■ Directions
Please find the lines in the entries below that contain the word "with", and copy each one.

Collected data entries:
(* Mean dimension is invariant under topological conjugacy, so it suffices to treat
   zeta x id on Z x Y.  Given a finite open cover U of Z x Y, fix a Lebesgue number e
   of U and finite open covers P of Z and Q of Y by sets lying in e-balls, so that every
   C x D with C in P and D in Q lies in a member of U.  The n-th dynamical join of P
   under zeta has a refinement V of order at most d = dim Z; the products of V with Q
   refine the n-th dynamical join of U under zeta x id and have order less than
   (d + 1) |Q|, a bound independent of n.  Hence D(U, zeta x id, n) / n tends to 0. *)

Lemma In_cat (T : Type) (s t : seq T) x :
  List.In x (s ++ t) <-> List.In x s \/ List.In x t.
Proof. by elim: s => /= [|a s ->]; tauto. Qed.

Lemma In_map (A B : Type) (f : A -> B) s a : List.In a s -> List.In (f a) (map f s).
Proof. by elim: s => //= b s IH [->|/IH]; [left|right]. Qed.

Lemma In_map_inv {A B : Type} {f : A -> B} {s b} :
  List.In b (map f s) -> exists2 a, List.In a s & b = f a.
Proof.
elim: s => //= a s IH [<-|/IH [a' sa' ->]]; first by exists a; [left|].
by exists a'; [right|].
Qed.

Lemma In_allpairs (A B C : Type) (f : A -> B -> C) s t a b :
  List.In a s -> List.In b t -> List.In (f a b) [seq f x y | x <- s, y <- t].
Proof.
elim: s => //= a' s IH sa tb; apply/In_cat.
by case: sa => [->|sa]; [left; exact: In_map | right; exact: IH].
Qed.

Lemma In_allpairs_inv {A B C : Type} {f : A -> B -> C} {s t c} :
  List.In c [seq f x y | x <- s, y <- t] ->
  exists a b, [/\ List.In a s, List.In b t & c = f a b].
Proof.
elim: s => //= a s IH h; case/In_cat: h => h.
  by have [b tb ->] := In_map_inv h; exists a, b; split => //; left.
by have [a' [b [sa' tb ->]]] := IH h; exists a', b; split => //; right.
Qed.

■ Reply to the task
   C x D with C in P and D in Q lies in a member of U.  The n-th dynamical join of P
   under zeta has a refinement V of order at most d = dim Z; the products of V with Q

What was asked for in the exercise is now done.